- Supplied records
(* For $u\in\mathbb{Z}_n$ and $j\in\mathbb{Z}_n$ set $E_{u,j}=\sum_{v=0}^{n/d-1}e_{j+vd}E_u$. Then for $j,\ell\in\{0,\dots,d-1\}$ we have $E_{u,j}E_{u,\ell}=\delta_{j\ell}E_{u,j}$, $\sum_{j=0}^{d-1}E_{u,j}=E_u$, and $E_{u,j}=E_{u,j'}$ if and only if $j\equiv j'\pmod d$. Moreover, in $\Gamma_u=\mathcal{D}(\Lambda_{n,d})E_u$: $$GE_{u,j}=q^{u+j}E_{u,j}=E_{u,j}G,\qquad XE_{u,j}=E_{u,j-1}X,$$ and $\gamma_\ell^mE_{u,j}=E_{u,j+m}\gamma_\ell^m$ if $\ell\equiv j\pmod d$, while $\gamma_\ell^mE_{u,j}=0$ otherwise.
   Context: $k$ is an algebraically closed field; $n,d$ integers with $d\geqslant2$, $d\mid n$, $\mathrm{char}\,k\nmid n$; $q$ a primitive $d$-th root of unity. $\Lambda_{n,d}$ is the path algebra of the cyclic quiver with vertices $e_i$ and arrows $a_i:e_i\to e_{i+1}$ ($i\in\mathbb{Z}_n$) modulo all paths of length $d$; $\gamma_i^m=a_{i+m-1}\cdots a_i$, $\gamma_i^0=e_i$. $\mathcal{D}(\Lambda_{n,d})$ is the Drinfel'd double of the Hopf algebra $\Lambda_{n,d}$; concretely it has basis $G^iX^j\gamma_\ell^m$ ($i,\ell\in\mathbb{Z}_n$, $0\leqslant j,m\leqslant d-1$) and is generated by $G,X,e_i,a_i$ with relations $G^n=1$, $X^d=0$, $GX=q^{-1}XG$, products of paths as in $\Lambda_{n,d}$, $\gamma_\ell^mG=q^{-m}G\gamma_\ell^m$, $\gamma_\ell^mX=q^{-m}X\gamma_{\ell+1}^m-q^{-m}(m)_q\gamma_{\ell+1}^{m-1}+q^{\ell+1-m}(m)_qG\gamma_{\ell+1}^{m-1}$, with $(m)_q=1+q+\cdots+q^{m-1}$. $E_u=\frac1n\sum_{i,j\in\mathbb{Z}_n}q^{-i(u+j)}G^ie_j$; these are central orthogonal idempotents summing to $1$. *)

From HB Require Import structures.
From mathcomp Require Import all_boot all_order all_algebra.
Set Implicit Arguments. Unset Strict Implicit. Unset Printing Implicit Defensive.
Import Order.TTheory GRing.Theory Num.Theory.
Local Open Scope ring_scope.

(* Indices in Z_n are represented by naturals; the families e, a : nat -> A
   are assumed n-periodic in the main statement. *)

Definition gam (k : fieldType) (A : algType k) (e a : nat -> A) (l m : nat) : A :=
  if m == 0%N then e l else \prod_(i < m) a (l + (m.-1 - i))%N.

Definition qint (k : fieldType) (q : k) (m : nat) : k := \sum_(i < m) q ^+ i.

Definition Eu (k : fieldType) (A : algType k) (n : nat) (q : k) (G : A)
  (e : nat -> A) (u : nat) : A :=
  (n%:R)^-1 *: \sum_(i < n) \sum_(j < n) (q ^- (i * (u + j))) *: (G ^+ i * e j).

Definition Euj (k : fieldType) (A : algType k) (n d : nat) (q : k) (G : A)
  (e : nat -> A) (u j : nat) : A :=
  \sum_(v < n %/ d) e (j + v * d)%N * Eu n q G e u.

Definition Dbasis (k : fieldType) (A : algType k) (n d : nat) (G X : A)
  (e a : nat -> A) (t : 'I_n * 'I_d * 'I_n * 'I_d) : A :=
  let: (i, j, l, m) := t in G ^+ i * X ^+ j * gam e a l m.

Arguments Dbasis {k A} n d G X e a t.

(* A is (a copy of) the Drinfel'd double D(Lambda_{n,d}): generated by G, X,
   e_i, a_i with the stated relations, and with basis G^i X^j gamma_l^m. *)
Definition is_DLambda (k : fieldType) (A : algType k) (n d : nat) (q : k)
  (G X : A) (e a : nat -> A) : Prop :=
  [/\ (forall i, e (i + n)%N = e i /\ a (i + n)%N = a i),
      (* relations of Lambda_{n,d} = kQ / (paths of length d) *)
      [/\ \sum_(i < n) e i = 1,
          (forall i j, e i * e j = if (i %% n == j %% n)%N then e i else 0),
          (forall i j, a i * e j = if (i %% n == j %% n)%N then a i else 0),
          (forall i j, e j * a i = if (j %% n == i.+1 %% n)%N then a i else 0)
        & (forall l, gam e a l d = 0)],
      [/\ G ^+ n = 1, X ^+ d = 0, G * X = q^-1 *: (X * G),
          (forall l m, (m < d)%N -> gam e a l m * G = q ^- m *: (G * gam e a l m))
        & (forall l m, (m < d)%N ->
             gam e a l m * X =
               q ^- m *: (X * gam e a l.+1 m)
             - (q ^- m * qint q m) *: gam e a l.+1 m.-1
             + (q ^ (l.+1%:Z - m%:Z) * qint q m) *: (G * gam e a l.+1 m.-1))],
      (forall c : {ffun 'I_n * 'I_d * 'I_n * 'I_d -> k},
          \sum_t c t *: Dbasis n d G X e a t = 0 -> forall t, c t = 0)
    &
      (forall x : A, exists c : {ffun 'I_n * 'I_d * 'I_n * 'I_d -> k},
          x = \sum_t c t *: Dbasis n d G X e a t)].

From HB Require Import structures.
From mathcomp Require Import all_boot all_order all_algebra.
Import Order.TTheory GRing.Theory Num.Theory.

(* With Pi_c the projector of G onto its q^c-eigenspace (G^n = 1 and n is
   invertible), E_u = sum_s Pi_{u+s} e_s.  Since the e_s commute with G and
   Pi_c only depends on c mod d, grouping the vertices by their class mod d
   gives E_{u,j} = Pi_{u+j} P_j, where P_j is the sum of the e_s with
   s = j (mod d).  Everything then follows from how the generators move these
   two commuting idempotents: G acts on Pi_c by q^c, X lowers both indices by
   one, and gamma_l^m raises them by m and is killed by P_j unless l = j
   (mod d).  Different classes give different E_{u,j} because Pi_c e_s is
   nonzero, by the linear independence of the G^i e_s. *)

Set Implicit Arguments.
Unset Strict Implicit.
Unset Printing Implicit Defensive.

Local Open Scope ring_scope.

Lemma natr_neq0_gt0 (R : pzSemiRingType) (m : nat) : m%:R != 0 :> R -> (0 < m)%N.
Proof. by case: m => //; rewrite eqxx. Qed.

Lemma sum_ord_shift_periodic (V : nmodType) (m t : nat) (h : nat -> V) :
  (forall i, h (i + m)%N = h i) -> \sum_(i < m) h (t + i)%N = \sum_(i < m) h i.
Proof.
move=> hper; elim: t => [|t IHt]; first by apply: eq_bigr => i _; rewrite add0n.
rewrite -{}IHt; case: m hper => [|m] hper; first by rewrite !big_ord0.
rewrite big_ord_recr big_ord_recl /= addSnnS hper addn0 addrC.
by congr (_ + _); apply: eq_bigr => i _; rewrite addSnnS.
Qed.

Section EigenProjector.
Variables (k : fieldType) (A : algType k) (n : nat) (G : A).

Definition eigenproj (z : k) : A := n%:R^-1 *: \sum_(i < n) z ^- i *: G ^+ i.

Lemma mulr_eigenproj_twist (Y : A) (w z : k) : w != 0 ->
  Y * G = w *: (G * Y) -> Y * eigenproj z = eigenproj (z / w) * Y.
Proof.
move=> w0 YG; have YGX i : Y * G ^+ i = w ^+ i *: (G ^+ i * Y).
  elim: i => [|i IHi]; first by rewrite !expr0 mulr1 mul1r scale1r.
  by rewrite exprSr mulrA IHi -scalerAl -!mulrA YG -scalerAr scalerA -exprSr.
rewrite -scalerAr -scalerAl mulr_sumr mulr_suml; congr (_ *: _).
apply: eq_bigr => i _; rewrite -scalerAr YGX scalerA -scalerAl.
by rewrite exprMn exprVn invfM invrK mulrC.
Qed.

Lemma commr_eigenproj (Y : A) (z : k) : Y * G = G * Y -> Y * eigenproj z = eigenproj z * Y.
Proof. by move=> YG; rewrite (@mulr_eigenproj_twist Y 1 z (oner_neq0 k)) ?divr1 ?scale1r. Qed.

Hypotheses (n0 : n%:R != 0 :> k) (Gn : G ^+ n = 1).
Variable z : k.
Hypothesis zn : z ^+ n = 1.

Let z0 : z != 0.
Proof.
apply: contra_eq_neq zn => ->.
by rewrite expr0n gtn_eqF ?(natr_neq0_gt0 n0) // eq_sym oner_eq0.
Qed.

Lemma mul_exp_eigenproj i : G ^+ i * eigenproj z = z ^+ i *: eigenproj z.
Proof.
have mulG : G * eigenproj z = z *: eigenproj z.
  rewrite -scalerAr scalerA mulrC -scalerA; congr (_ *: _).
  have periodic j : z ^- (j + n) *: G ^+ (j + n) = z ^- j *: G ^+ j.
    by rewrite !exprD Gn zn !mulr1.
  rewrite -{2}(sum_ord_shift_periodic 1 periodic) mulr_sumr scaler_sumr.
  apply: eq_bigr => j _; rewrite -scalerAr -exprS scalerA add1n.
  by rewrite [z ^+ j.+1]exprS invfM mulrA mulfV ?mul1r.
elim: i => [|i IHi]; first by rewrite expr0 mul1r scale1r.
by rewrite exprS -mulrA IHi -scalerAr mulG scalerA -exprSr.
Qed.

Lemma eigenproj_idem : eigenproj z * eigenproj z = eigenproj z.
Proof.
rewrite {1}/eigenproj -scalerAl mulr_suml.
under eq_bigr => i _ do rewrite -scalerAl mul_exp_eigenproj scalerA mulVf ?expf_neq0 // scale1r.
by rewrite sumr_const card_ord -scaler_nat scalerA mulVf // scale1r.
Qed.
End EigenProjector.

Section VertexClasses.
Variables (R : nzRingType) (n d : nat) (e : nat -> R).
Hypotheses (n_gt0 : (0 < n)%N) (dvd_dn : (d %| n)%N).
Hypothesis e_periodic : forall i, e (i + n)%N = e i.
Hypothesis e_mul : forall i j, e i * e j = if (i %% n == j %% n)%N then e i else 0.

Let d_gt0 : (0 < d)%N. Proof. exact: dvdn_gt0 n_gt0 dvd_dn. Qed.

Definition vclass (j : nat) : R := \sum_(s < n | s == j %[mod d]) e s.

Lemma e_modn i : e (i %% n) = e i.
Proof.
rewrite [in RHS](divn_eq i n); elim: (i %/ n)%N => [|t IHt]; first by rewrite add0n.
by rewrite mulSnr addnAC e_periodic.
Qed.

Lemma vclassE j : vclass j = \sum_(v < n %/ d) e (j + v * d)%N.
Proof.
have e_shift v : e (j %% d + (v + n %/ d) * d)%N = e (j %% d + v * d)%N.
  by rewrite mulnDl divnK // addnA e_periodic.
rewrite {2}(divn_eq j d) addnC.
under eq_bigr do rewrite -addnA -mulnDl.
rewrite (sum_ord_shift_periodic (j %/ d)%N e_shift) /vclass.
rewrite -(big_mkord (fun s => s == j %[mod d])%N e).
rewrite big_mkcond -{1}(divnK dvd_dn) big_nat_mul big_mkord; apply: eq_bigr => v _.
rewrite -{1}[(v * d)%N]add0n big_addn mulSn addnK -big_mkcond big_mkord /=.
under eq_bigl do rewrite addnC modnMDl modn_small ?ltn_ord //.
by rewrite (big_ord1_eq _ (fun i => e (i + v * d)%N)) ltn_pmod.
Qed.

- Action item
Reproduce each line in the listing above that mentions the string "mulrC".

- Response box
by rewrite exprMn exprVn invfM invrK mulrC.
  rewrite -scalerAr scalerA mulrC -scalerA; congr (_ *: _).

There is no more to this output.